9.2.3 any person (as such term is used in Section 13(d) of the Securities Exchange Act of 1934 (1934 Act) shall, as a result of a tender or exchange offer, open market purchases, privately negotiated purchases or otherwise, have become the beneficial owner (within the meaning of Rule 13d-3 under the 1934 Act), directly or indirectly, of securities of Mentor Graphics ordinarily having the right to vote in the election of directors (Voting Securities) representing twenty percent (20%) or more of the combined voting power of the then outstanding Voting Securities.

10. LIMITED STOCK APPRECIATION RIGHTS.

10.1 Each option granted under the Plan shall include a related limited stock appreciation right.

10.2 Limited stock appreciation rights shall be exercisable only during the 60 calendar days immediately following a Change in Control and only if the immediate resale of shares acquired upon exercise of the related option would subject the optionee to liability under Section 16(b) of the 1934 Act, provided, however, that a limited stock appreciation right may not be exercised within six months of its date of grant. Upon exercise of a limited stock appreciation right, the option or portion thereof to which the right relates must be surrendered. The shares subject to an option or portion thereof that is surrendered upon exercise of a limited stock appreciation right shall not be available for future option grants under the Plan.

10.3 Each limited stock appreciation right shall entitle the holder to receive from Mentor Graphics an amount equal to the excess of the fair market value at the time of exercise of one share of Mentor Graphics Common Stock over the option price per share under the related option, multiplied by the number of shares covered by the related option or portion of the related option.

10.4 Payment upon exercise of a limited stock appreciation right by Mentor Graphics may be made only in cash.

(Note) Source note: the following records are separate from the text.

(* Every neighborhood of $(\pi/4,0)$ in $\{(r,\epsilon):r>0,\ \epsilon\ge0,\ r+\epsilon<\pi/2\}$ contains a point $(r,\epsilon)$ with $\epsilon>0$ such that $(\mathcal{Y}^\parallel_{0,r,\epsilon})'(0)=0$.
   Context: Fix $\varphi\in C^\infty(\mathbb{R})$ with $0\le\varphi\le1$, $\varphi(x)=0$ for $x\le0$, $\varphi(x)=1$ for $x\ge1$, and let $H$ be the Heaviside function ($H(x)=1$ for $x>0$, $H(x)=0$ for $x\le0$). For $r>0$, $\epsilon\ge0$ with $r+\epsilon<\pi/2$ and $\rho\ge0$ set $K^\parallel_{r,\epsilon}(\rho)=1-2\varphi((\rho-r)/\epsilon)$ if $\epsilon>0$ and $K^\parallel_{r,0}(\rho)=1-2H(\rho-r)$. $\mathcal{Y}^\parallel_{0,r,\epsilon}$ denotes the unique solution on $[0,\infty)$ of $\mathcal{Y}''(t)+K^\parallel_{r,\epsilon}(t)\mathcal{Y}(t)=0$ (for $\epsilon=0$ a $C^1$ weak solution, i.e. solving the equation for $t\ne r$) with $\mathcal{Y}(t)=e^{-t}$ for all $t\ge r+\epsilon$. (This is the stable Jacobi solution along radial geodesics of $g_{r,\epsilon}$; if its derivative vanishes at $0$, $\mathcal{Y}^\parallel_{0,r,\epsilon}(|t|)E(t)$, $E$ parallel and normal, is a Jacobi field decaying as $t\to\pm\infty$.) *)

From Stdlib Require Import Reals Lra.
Open Scope R_scope.

Definition smooth (f : R -> R) : Prop :=
  exists D : nat -> R -> R,
    D O = f /\ forall (n : nat) (x : R), derivable_pt_lim (D n) x (D (S n) x).

Definition cutoff (phi : R -> R) : Prop :=
  smooth phi /\
  (forall x, 0 <= phi x <= 1) /\
  (forall x, x <= 0 -> phi x = 0) /\
  (forall x, 1 <= x -> phi x = 1).

Definition Kpar (phi : R -> R) (r eps rho : R) : R :=
  1 - 2 * phi ((rho - r) / eps).

(* Y : [0,oo) -> R (values for t < 0 are irrelevant) with derivative Y'
   is the solution Y^par_{0,r,eps} (eps > 0): Y'' + K Y = 0 on (0,oo),
   Y' (0) is the right derivative of Y at 0, and Y(t) = e^{-t} for t >= r+eps.
   Such a solution is unique on [0,oo), so Y' 0 is well determined. *)
Definition is_Ypar (phi : R -> R) (r eps : R) (Y Y' : R -> R) : Prop :=
  (forall t, 0 < t -> derivable_pt_lim Y t (Y' t)) /\
  (forall t, 0 < t -> derivable_pt_lim Y' t (- Kpar phi r eps t * Y t)) /\
  (forall e, 0 < e -> exists d, 0 < d /\
     forall h, 0 < h < d -> Rabs ((Y h - Y 0) / h - Y' 0) < e) /\
  (forall t, r + eps <= t -> Y t = exp (- t)).

From Stdlib Require Import Reals Lra Lia Ranalysis5.
From Coquelicot Require Import Coquelicot.
Open Scope R_scope.

(* On [[0, r]] we have [K = 1], so the solution is [A cos t] and its derivative
   vanishes at [0] for free; on [[r + eps, oo)] it is [exp (- t)].  In between we
   rescale [t = r + eps + eps u] and solve [Z'' = - eps^2 (1 - 2 phi (u + 1)) Z],
   [Z 0 = 1], [Z' 0 = - eps] by a Picard series.  The pieces glue to a C^1
   solution iff [tan r = - Z'(-1) / (eps Z(-1))], and since [Z = 1 - eps u + O(eps^2)]
   the right-hand side is [1 + O(eps)], so [r -> PI / 4] as [eps -> 0]. *)

Lemma series_geom_tail (a : nat -> R) (M rho : R) :
  0 <= rho < 1 -> 0 <= M -> (forall n, Rabs (a n) <= M * rho ^ n) ->
  ex_series a /\
  forall n, Rabs (Series a - sum_f_R0 a n) <= M * rho ^ (S n) / (1 - rho).
Proof.
  intros Hr HM Ha.
  assert (Hg : forall p, is_series (fun k => M * rho ^ p * rho ^ k) (M * rho ^ p * / (1 - rho))).
  { intro p. apply (is_series_scal (M * rho ^ p) (fun k => rho ^ k)).
    apply is_series_geom. rewrite Rabs_pos_eq; lra. }
  assert (Habs : forall p, ex_series (fun k => Rabs (a (p + k)%nat))).
  { intro p. apply (@ex_series_le R_AbsRing R_CompleteNormedModule _ (fun k => M * rho ^ p * rho ^ k)).
    - intro k. unfold norm; simpl. rewrite Rabs_Rabsolu, Rmult_assoc, <- pow_add. apply Ha.
    - eexists; apply Hg. }
  assert (Hex : ex_series a).
  { apply ex_series_Rabs. apply (ex_series_ext _ _ (fun _ => eq_refl) (Habs 0%nat)). }
  split; [exact Hex|]. intro n.
  rewrite (Series_incr_n a (S n)) by (lia || exact Hex). simpl pred.
  replace (sum_f_R0 a n + Series (fun k => a (S n + k)%nat) - sum_f_R0 a n)
    with (Series (fun k => a (S n + k)%nat)) by ring.
  eapply Rle_trans. { apply Series_Rabs, Habs. }
  eapply Rle_trans. { apply (Series_le _ (fun k => M * rho ^ (S n) * rho ^ k)).
    - intro k. split; [apply Rabs_pos|]. rewrite Rmult_assoc, <- pow_add. apply Ha.
    - eexists; apply Hg. }
  rewrite (is_series_unique _ _ (Hg (S n))). right; unfold Rdiv; ring.
Qed.

Lemma geom_eventually_lt (C rho e : R) : 0 <= rho < 1 -> 0 <= C -> 0 < e ->
  exists N, forall n, (n >= N)%nat -> C * rho ^ n < e.
Proof.
  intros Hr HC He.
  destruct (pow_lt_1_zero rho ltac:(rewrite Rabs_pos_eq; lra) (e / (C + 1))) as [N HN].
  { apply Rdiv_lt_0_compat; lra. }
  exists N. intros n Hn. specialize (HN n Hn).
  rewrite Rabs_pos_eq in HN by (apply pow_le; lra).
  assert (0 <= rho ^ n) by (apply pow_le; lra).
  apply Rmult_lt_compat_l with (r := C + 1) in HN; [|lra].
  replace ((C + 1) * (e / (C + 1))) with e in HN by (field; lra). nra.
Qed.

Lemma CVU_geom (fn : nat -> R -> R) f c (r : posreal) C rho : 0 <= rho < 1 -> 0 <= C ->
  (forall n y, Boule c r y -> Rabs (f y - fn n y) <= C * rho ^ n) -> CVU fn f c r.
Proof.
  intros Hr HC H e He. destruct (geom_eventually_lt C rho e Hr HC He) as [N HN].
  exists N. intros n y Hn Hy. eapply Rle_lt_trans; [apply H; auto|]. apply HN; lia.
Qed.

Lemma Un_cv_geom (u : nat -> R) l C rho : 0 <= rho < 1 -> 0 <= C ->
  (forall n, Rabs (l - u n) <= C * rho ^ n) -> Un_cv u l.
Proof.
  intros Hr HC H e He. destruct (geom_eventually_lt C rho e Hr HC He) as [N HN].
  exists N. intros n Hn. unfold R_dist. rewrite Rabs_minus_sym.
  eapply Rle_lt_trans; [apply H|]. apply HN; lia.
Qed.

Lemma derivable_pt_lim_sum_f_R0 (f f' : nat -> R -> R) (n : nat) (y : R) :
  (forall i, derivable_pt_lim (f i) y (f' i y)) ->
  derivable_pt_lim (fun y => sum_f_R0 (fun i => f i y) n) y (sum_f_R0 (fun i => f' i y) n).
Proof.
  intro H. induction n as [|n IH]; simpl; [apply H|].
  apply (derivable_pt_lim_plus (fun y => sum_f_R0 (fun i => f i y) n) (f (S n))); auto.
Qed.

Lemma derivable_pt_lim_Series (f f' : nat -> R -> R) (c : R) (L : posreal) (C rho x : R) :
  0 <= rho < 1 -> 0 <= C -> Boule c L x ->
  (forall n u, Boule c L u -> derivable_pt_lim (f n) u (f' n u)) ->
  (forall n u, Boule c L u -> continuity_pt (f' n) u) ->
  (forall n u, Boule c L u -> Rabs (f n u) <= C * rho ^ n /\ Rabs (f' n u) <= C * rho ^ n) ->
  derivable_pt_lim (fun u => Series (fun n => f n u)) x (Series (fun n => f' n x)).
Proof.
  intros Hr HC Hx Hd Hc Hb.
  set (K := C * rho / (1 - rho)).
  assert (HK : 0 <= K) by (apply Rdiv_le_0_compat; nra).
  assert (Htail : forall g : nat -> R -> R,
    (forall n u, Boule c L u -> Rabs (g n u) <= C * rho ^ n) ->
    forall n u, Boule c L u ->
    Rabs (Series (fun k => g k u) - sum_f_R0 (fun k => g k u) n) <= K * rho ^ n).
  { intros g Hg n u Hu. eapply Rle_trans.
    - apply (series_geom_tail (fun k => g k u) C rho Hr HC). intro k; apply Hg, Hu.
    - right; unfold K; simpl; field; lra. }
  assert (Hcvu : CVU (fun n u => sum_f_R0 (fun k => f' k u) n)
                     (fun u => Series (fun n => f' n u)) c L).
  { apply (CVU_geom _ _ _ _ K rho Hr HK). intros n u Hu.
    apply Htail; [intros; apply Hb; auto | exact Hu]. }
  apply (derivable_pt_lim_CVU (fun n u => sum_f_R0 (fun k => f k u) n)
           (fun n u => sum_f_R0 (fun k => f' k u) n) (fun u => Series (fun n => f n u))
           (fun u => Series (fun n => f' n u)) x c L Hx).
  - intros u n Hu. apply derivable_pt_lim_sum_f_R0. intro i. apply Hd, Hu.
  - intros u Hu. apply (Un_cv_geom _ _ K rho Hr HK). intro n.
    apply Htail; [intros; apply Hb; auto | exact Hu].
  - exact Hcvu.
  - apply (CVU_continuity _ _ _ _ Hcvu). intros n u Hu.
    apply continuity_pt_finite_SF. intros; apply Hc, Hu.
Qed.

Lemma is_derive_RInt_0 (g : R -> R) : (forall x, continuous g x) ->
  forall s, is_derive (fun s => RInt g 0 s) s (g s).
Proof.
  intros Hc s. apply (is_derive_RInt g (fun s => RInt g 0 s) 0 s); auto.
  apply filter_forall. intro b. apply (@RInt_correct R_CompleteNormedModule).
  apply (@ex_RInt_continuous R_CompleteNormedModule). intros; auto.
Qed.

Lemma abs_RInt_0_le (g : R -> R) (L M : R) : (forall x, continuous g x) ->
  (forall t, Rabs t < L -> Rabs (g t) <= M) ->
  forall s, Rabs s < L -> Rabs (RInt g 0 s) <= Rabs s * M.
Proof.
  intros Hc Hb s Hs. apply Rabs_def2 in Hs.
  assert (Hex : forall a b, ex_RInt g a b).
  { intros; apply (@ex_RInt_continuous R_CompleteNormedModule); intros; auto. }
  destruct (Rle_or_lt 0 s) as [H0|H0].
  - rewrite (Rabs_pos_eq s) by lra. replace s with (s - 0) at 2 by ring.
    apply abs_RInt_le_const; [lra|auto|]. intros t Ht. apply Hb, Rabs_def1; lra.
  - rewrite <- opp_RInt_swap by auto. rewrite (Rabs_left s) by lra.
    change (Rabs (- RInt g s 0) <= - s * M). rewrite Rabs_Ropp. replace (- s) with (0 - s) by ring.
    apply abs_RInt_le_const; [lra|auto|]. intros t Ht. apply Hb, Rabs_def1; lra.
Qed.

Lemma continuous_of_is_derive (f : R -> R) x l : is_derive f x l -> continuous f x.
Proof. intro H. apply (@ex_derive_continuous R_AbsRing R_NormedModule). exists l; exact H. Qed.

Lemma continuity_pt_of_continuous (f : R -> R) x : continuous f x -> continuity_pt f x.
Proof. apply continuity_pt_filterlim. Qed.

(* Picard iteration for [z'' = a z], [z 0 = 1], [z' 0 = b]: [picard n] is the
   [n]-th correction term and [picard_d n], [picard_dd n] its first two derivatives. *)
Section PicardSeries.

Variables (a : R -> R) (b kappa : R).
Hypothesis a_cont : forall u, continuous a u.

Fixpoint picard (n : nat) : R -> R :=
  match n with
  | O => fun u => 1 + b * u
  | S m => fun s => RInt (fun v => RInt (fun w => a w * picard m w) 0 v) 0 s
  end.

Definition picard_d (n : nat) : R -> R :=
  match n with
  | O => fun _ => b
  | S m => fun v => RInt (fun w => a w * picard m w) 0 v
  end.

Definition picard_dd (n : nat) : R -> R :=
  match n with
  | O => fun _ => 0
  | S m => fun w => a w * picard m w
  end.

Lemma picard_derive n : forall u,
  is_derive (picard n) u (picard_d n u) /\ is_derive (picard_d n) u (picard_dd n u).
Proof.
  induction n as [|n IH]; intro u.
  - split; simpl; auto_derive; auto; ring.
  - assert (Hdd : forall x, continuous (picard_dd (S n)) x).
    { intro x. apply (continuous_mult a (picard n)); auto.
      apply (continuous_of_is_derive _ _ _ (proj1 (IH x))). }
    assert (Hd : forall x, is_derive (picard_d (S n)) x (picard_dd (S n) x))
      by (intro x; apply (is_derive_RInt_0 _ Hdd)).
    split; [|apply Hd].
    apply (is_derive_RInt_0 (picard_d (S n))).
    intro x. apply (continuous_of_is_derive _ _ _ (Hd x)).
Qed.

10.5 Limited stock appreciation rights may not be assigned or transferred except on death, by will or operation of law and may be exercised only by the holder or by a successor or representative after death.

11. AGREEMENT.

Each option shall be evidenced by a stock option agreement which shall set forth the number of shares for which the option was granted, the provisions called for in sections 7, 9 and 10 relating to the option, and such other terms and conditions consistent with the Plan as the Committee shall determine from time to time. Each restricted stock award shall be evidenced by a restricted stock agreement which shall set forth the number of shares of restricted stock awarded, the provisions called for in sections 8 and 9 relating to the award, and such other terms and conditions consistent with the Plan as the Committee shall determine from time to time.

12. CHANGES IN CAPITAL STRUCTURE.

If any change is made in the outstanding Common Stock without Mentor Graphics receiving any consideration, such as a stock split, reverse stock split, stock dividend, or combination or reclassification of the Common Stock, corresponding changes shall be made in the number of shares remaining available for grant under sections 1 and 7.3.3, without any further approval of the shareholders. Fractional shares shall be disregarded. The adjustment shall be made by the Committee whose determination shall be conclusive. No corresponding changes shall be made to the number of shares for which automatic grants are made under sections 5 and 6; provided, however, that stock option agreements evidencing options and restricted stock awards as to which shares have not yet been issued shall provide that the number of shares issuable under outstanding awards and the exercise price of such options shall be appropriately adjusted in the event of changes in capital structure covered by this section 12.

13. AMENDMENT OR TERMINATION OF THE PLAN.

13.1 The Board may amend or terminate this Plan at any time subject to section 13.2.

13.2 Unless the amendment is approved by the shareholders, no amendment shall be made in the Plan that would increase the total number of shares available for awards under section 1 or 7.3.3.